Give only the number of lines in the data that include the string "Hypotheses".

Extracted records:
=== Begin Enclosure ===
Lemma mapping_cylinder_deformation :
  exists (p : Z -> Y) (Hs : Cyl Z -> Z), we p /\
    (forall x t, p (ka (x, t)) = f x) /\ (forall y, p (s y) = y) /\ continuous Hs /\
    (forall z, Hs (z, I0) = s (p z)) /\ (forall z, Hs (z, I1) = z) /\
    (forall x t, Hs (ka (x, I1), t) = ka (x, t)).
Proof.
  destruct HZ as [(PZ & Cka & Cs & Ecomm & UP) cover glue].
  destruct (UP Y PY (fun q => f (fst q)) (fun y => y)
              (continuous_comp (X := Cyl X) fst f continuous_fst Cf) continuous_id)
    as (p & Cp & p_ka & p_s & _).
  { intros x; reflexivity. }
  set (shrink := fun q : Cyl (Cyl X) =>
         (fst (fst q), clamp01 (val (snd (fst q)) * val (snd q))) : Cyl X).
  assert (Cshrink : continuous shrink).
  { apply (continuous_reparam2 (fun a b => a * b)), (lipschitz01_bilinear 1 0); [lra | lra |].
    intros; ring. }
  destruct (glue Z PZ (fun q => ka (shrink q)) (fun q => s (fst q))
              (continuous_comp _ _ Cshrink Cka)
              (continuous_comp (X := Cyl Y) fst s continuous_fst Cs))
    as (Hs & CHs & Hs_ka & Hs_s).
  { intros x t. simpl. rewrite <- Ecomm. unfold shrink, incl; simpl. do 2 f_equal.
    apply clamp01_val. unfold val; simpl; ring. }
  assert (Hs0 : forall z, Hs (z, I0) = s (p z)).
  { intros z. destruct (cover z) as [[[x t] ->] | [y ->]].
    - rewrite Hs_ka, p_ka. simpl. rewrite <- (Ecomm x). unfold shrink, incl; simpl. do 2 f_equal.
      apply clamp01_val. unfold val; simpl; ring.
    - rewrite Hs_s, p_s. reflexivity. }
  assert (Hs1 : forall z, Hs (z, I1) = z).
  { intros z. destruct (cover z) as [[[x t] ->] | [y ->]].
    - rewrite Hs_ka. unfold shrink; simpl. do 2 f_equal. apply clamp01_val. unfold val; simpl; ring.
    - rewrite Hs_s. reflexivity. }
  exists p, Hs. split.
  { split; [exact Cp |]. exists s. split; [exact Cs | split].
    - apply homotopic_eq; [exact continuous_id | exact p_s].
    - exists Hs. split; [exact CHs | split; [exact Hs0 | exact Hs1]]. }
  split; [intros x t; apply p_ka | split; [exact p_s | split; [exact CHs |]]].
  split; [exact Hs0 | split; [exact Hs1 |]].
  intros x t. rewrite Hs_ka. unfold shrink; simpl. do 2 f_equal.
  apply clamp01_val. unfold val; simpl; ring.
Qed.

Lemma mapping_cylinder_top_cof : cof P (fun x => ka (x, I1)).
Proof.
  destruct HZ as [(_ & Cka & Cs & Ecomm & _) cover glue].
  pose proof (P_convergence X PX) as HX.
  assert (H0 : HEP_at P I0 (fun x => ka (x, I1))).
  { intros W PW F G CF CG FG.
    set (stretch := fun q : Cyl (Cyl X) =>
           (fst (fst q), clamp01 (1 / 2 * (val (snd (fst q)) * (1 + val (snd q))))) : Cyl X).
    assert (Cstretch : continuous stretch).
    { apply (continuous_reparam2 (fun a b => 1 / 2 * (a * (1 + b)))).
      apply (lipschitz01_bilinear (1 / 2) 1); [lra | lra | reflexivity]. }
    set (K := hcat (fun p => F (ka p)) G).
    assert (CK : continuous K)
      by exact (continuous_hcat _ _ HX (P_Lim W PW) (continuous_comp _ _ Cka CF) CG FG).
    destruct (glue W PW (fun q => K (stretch q)) (fun q => F (s (fst q)))
                (continuous_comp _ _ Cstretch CK)
                (continuous_comp (X := Cyl Y) fst _ continuous_fst (continuous_comp _ _ Cs CF)))
      as (H & CH & H_ka & H_s).
    { intros x t. unfold K, stretch; simpl. rewrite hcat_half by (pose proof (val_bounds t); nra).
      destruct Rle_dec; [| lra]. rewrite <- Ecomm. unfold incl. do 3 f_equal.
      apply clamp01_val. unfold val; simpl; ring. }
    exists H. split; [exact CH | split].
    - intros z. unfold incl. destruct (cover z) as [[[x t] ->] | [y ->]]; [| apply H_s].
      rewrite H_ka. unfold K, stretch; simpl. pose proof (val_bounds t).
      rewrite hcat_half by nra. destruct Rle_dec; [| nra]. do 3 f_equal. apply clamp01_val. ring.
    - intros [x u]. unfold Icyl; simpl. rewrite H_ka. unfold K, stretch; simpl.
      pose proof (val_bounds u).
      rewrite hcat_half by (unfold val in *; simpl; nra). destruct Rle_dec as [Hu | Hu].
      + assert (E : u = I0) by (apply val_inj; unfold val in *; simpl in *; lra). subst u.
        rewrite (clamp01_val _ I1) by (unfold val; simpl; ring). apply FG.
      + f_equal. f_equal. apply clamp01_val. unfold val; simpl; ring. }
  split; [exact (continuous_comp _ ka (continuous_incl I1 HX) Cka) |].
  split; [exact H0 | exact (HEP_at_1_of_0 P _ H0)].
Qed.

Lemma mapping_cylinder_top_we : we f -> we (fun x => ka (x, I1)).
Proof.
  intros Wf. pose proof HZ as [(PZ & _) _ _].
  destruct mapping_cylinder_deformation as (p & _ & Wp & p_ka & _).
  apply (we_cancel_l _ p (P_Lim Z PZ) (proj1 mapping_cylinder_top_cof) (proj1 Wp) Wp).
  replace (fun x => p (ka (x, I1))) with f
    by (apply functional_extensionality; intros x; symmetry; apply p_ka).
  exact Wf.
Qed.

End MappingCylinder.

(** [P1 = A ∪_B Z] for the mapping cylinder [Z] of [f] collapses onto
    [Q = A ∪_B Y] by [c]; [q] pushes [A] back along a homotopy [E] from [io]
    obtained from the HEP of [i]. *)
Section CylinderCollapse.
Context {B A Y Q Z P1 : ConvSpace} (i : B -> A) (f : B -> Y) (fbar : A -> Q) (ibar : Y -> Q).
Context (ka : Cyl B -> Z) (s : Y -> Z) (p : Z -> Y) (Hs : Cyl Z -> Z).
Context (jb : Z -> P1) (io : A -> P1) (c : P1 -> Q) (E : Cyl A -> P1) (q : Q -> P1).
Hypotheses (HQ : good_pushout P i f fbar ibar)
  (HP1 : good_pushout P (fun b => ka (b, I1)) i jb io).
Hypotheses (CHs : continuous Hs) (p_ka : forall b t, p (ka (b, t)) = f b)
  (p_s : forall y, p (s y) = y) (Hs0 : forall z, Hs (z, I0) = s (p z))
  (Hs1 : forall z, Hs (z, I1) = z) (Hs_top : forall b t, Hs (ka (b, I1), t) = ka (b, t)).
Hypotheses (Cc : continuous c) (c_jb : forall z, c (jb z) = ibar (p z))
  (c_io : forall a, c (io a) = fbar a).
Hypotheses (CE : continuous E) (E0 : forall a, E (a, I0) = io a)
  (Ei : forall b t, E (i b, t) = jb (ka (b, I01_rev t))).
Hypotheses (q_fbar : forall a, q (fbar a) = E (a, I1)) (q_ibar : forall y, q (ibar y) = jb (s y)).

Lemma collapse_section_homotopic : homotopic (fun x => c (q x)) (fun x => x).
Proof.
  destruct HQ as [(PQ & _ & Cib & _) cover glue].
  destruct (glue Q PQ (fun p0 => c (hrev E p0)) (fun p0 => ibar (fst p0))
              (continuous_comp _ _ (continuous_hrev _ CE) Cc)
              (continuous_comp (X := Cyl Y) fst ibar continuous_fst Cib)) as (H & CH & H_A & H_Y).
  { intros b t. unfold hrev; simpl. rewrite Ei, I01_rev_involutive, c_jb, p_ka. reflexivity. }
  exists H. split; [exact CH |].
  split; intros x; unfold incl; destruct (cover x) as [[a ->] | [y ->]].
  - rewrite H_A, hrev_0, q_fbar. reflexivity.
  - rewrite H_Y, q_ibar, c_jb, p_s. reflexivity.
  - rewrite H_A, hrev_1, E0, c_io. reflexivity.
  - rewrite H_Y. reflexivity.
Qed.

Lemma collapse_retraction_homotopic : homotopic (fun x => q (c x)) (fun x => x).
Proof.
  destruct HP1 as [(PP1 & Cjb & _) cover glue].
  destruct (glue P1 PP1 (fun p0 => jb (Hs p0)) (hrev E) (continuous_comp _ _ CHs Cjb)
              (continuous_hrev _ CE)) as (H & CH & H_Z & H_A).
  { intros b t. rewrite Hs_top. unfold hrev; simpl. rewrite Ei, I01_rev_involutive. reflexivity. }
  exists H. split; [exact CH |].
  split; intros x; unfold incl; destruct (cover x) as [[z ->] | [a ->]].
  - rewrite H_Z, Hs0, c_jb, q_ibar. reflexivity.
  - rewrite H_A, hrev_0, c_io, q_fbar. reflexivity.
  - rewrite H_Z, Hs1. reflexivity.
  - rewrite H_A, hrev_1, E0. reflexivity.
Qed.

End CylinderCollapse.

(** Factor [f] as [p ∘ j] through its mapping cylinder [Z]; then [fbar] is
    the pushout [io] of the trivial cofibration [j] followed by the collapse [c]. *)
Lemma pushout_we_fbar {B A Y Q : ConvSpace} (i : B -> A) (f : B -> Y)
    (fbar : A -> Q) (ibar : Y -> Q) :
  P B -> P A -> P Y -> continuous f -> good_pushout P i f fbar ibar -> cof P i -> we f -> we fbar.
Proof.
  intros PB PA PY Cf HQ (Ci & Hi0 & _) Wf. pose proof HQ as [(PQ & Cfb & Cib & Ecomm & UP) _ _].
  destruct (P_good_pushouts B (Cyl B) Y (incl I0) f (is_convergence_Cyl (P_convergence B PB))
              (P_convergence Y PY)) as (Z & ka & s & HZ).
  pose proof HZ as [(PZ & Cka & Cs & ka_s & _) _ _].
  destruct (mapping_cylinder_deformation f ka s PY Cf HZ)
    as (p & Hs & Wp & p_ka & p_s & CHs & Hs0 & Hs1 & Hs_top).
  set (j := fun b => ka (b, I1)).
  pose proof (mapping_cylinder_top_cof f ka s PB HZ) as Hj.
  pose proof (mapping_cylinder_top_we f ka s PB PY Cf HZ Wf) as Wj.
  destruct (P_good_pushouts B Z A j i (P_convergence Z PZ) (P_convergence A PA))
    as (P1 & jb & io & HP1).
  pose proof HP1 as [(PP1 & Cjb & Cio & Ejb & UP1) _ _].
  pose proof (pushout_we_ibar j i jb io PB PZ PA Ci HP1 Hj Wj) as Wio.
  destruct (UP1 Q PQ (fun z => ibar (p z)) fbar (continuous_comp _ _ (proj1 Wp) Cib) Cfb)
    as (c & Cc & c_jb & c_io & _).
  { intros b. unfold j. rewrite p_ka. symmetry; apply Ecomm. }
  destruct (Hi0 P1 PP1 io (hrev (fun z => jb (ka z))) Cio
              (continuous_hrev _ (continuous_comp _ _ Cka Cjb)))
    as (E & CE & E0 & Ei).
  { intros b. unfold incl. rewrite hrev_0. symmetry; apply Ejb. }
  destruct (UP P1 PP1 (fun a => E (a, I1)) (fun y => jb (s y))
              (continuous_comp _ E (continuous_incl I1 (P_convergence A PA)) CE)
              (continuous_comp _ _ Cs Cjb))
    as (q & Cq & q_fbar & q_ibar & _).
  { intros b. change (i b, I1) with (Icyl i (b, I1)). rewrite Ei, hrev_1.
    exact (f_equal jb (ka_s b)). }
  assert (Wc : we c).
  { split; [exact Cc |]. exists q. split; [exact Cq | split].
    - exact (collapse_section_homotopic i f fbar ibar ka s p jb io c E q HQ p_ka p_s
               Cc c_jb c_io CE E0 (fun b t => Ei (b, t)) q_fbar q_ibar).
    - exact (collapse_retraction_homotopic i fbar ibar ka s p Hs jb io c E q HP1 CHs Hs0 Hs1 Hs_top
               c_jb c_io CE E0 (fun b t => Ei (b, t)) q_fbar q_ibar). }
  replace fbar with (fun a => c (io a)) by (apply functional_extensionality; exact c_io).
  exact (we_comp io c (P_Lim A PA) (P_Lim Q PQ) Cio Cc Wio Wc).
Qed.

Lemma is_pushout_unique {B A Y Q Q' : ConvSpace} (i : B -> A) (f : B -> Y)
    (fbar : A -> Q) (ibar : Y -> Q) (fbar' : A -> Q') (ibar' : Y -> Q') :
  is_pushout P i f fbar ibar -> is_pushout P i f fbar' ibar' ->
  exists phi : Q' -> Q, is_iso phi /\
    (forall a, phi (fbar' a) = fbar a) /\ (forall y, phi (ibar' y) = ibar y).
Proof.
  intros (PQ & Cfb & Cib & Ec & UP) (PQ' & Cfb' & Cib' & Ec' & UP').
  destruct (UP' Q PQ fbar ibar Cfb Cib Ec) as (phi & Cphi & phi_fb & phi_ib & _).
  destruct (UP Q' PQ' fbar' ibar' Cfb' Cib' Ec') as (psi & Cpsi & psi_fb & psi_ib & _).
  destruct (UP' Q' PQ' fbar' ibar' Cfb' Cib' Ec') as (id' & _ & _ & _ & uniq').
  destruct (UP Q PQ fbar ibar Cfb Cib Ec) as (id & _ & _ & _ & uniq).
  exists phi. split; [split; [exact Cphi |] | split; assumption].
  exists psi. split; [exact Cpsi | split]; intros x.
  - rewrite (uniq' (fun x => psi (phi x))), (uniq' (fun x => x)); try reflexivity.
    + exact continuous_id.
    + apply continuous_comp; assumption.
    + intros a; rewrite phi_fb, psi_fb; reflexivity.
    + intros y; rewrite phi_ib, psi_ib; reflexivity.
  - rewrite (uniq (fun x => phi (psi x))), (uniq (fun x => x)); try reflexivity.
    + exact continuous_id.
    + apply continuous_comp; assumption.
    + intros a; rewrite psi_fb, phi_fb; reflexivity.
    + intros y; rewrite psi_ib, phi_ib; reflexivity.
Qed.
=== End Enclosure ===
▸ **Task solution**
5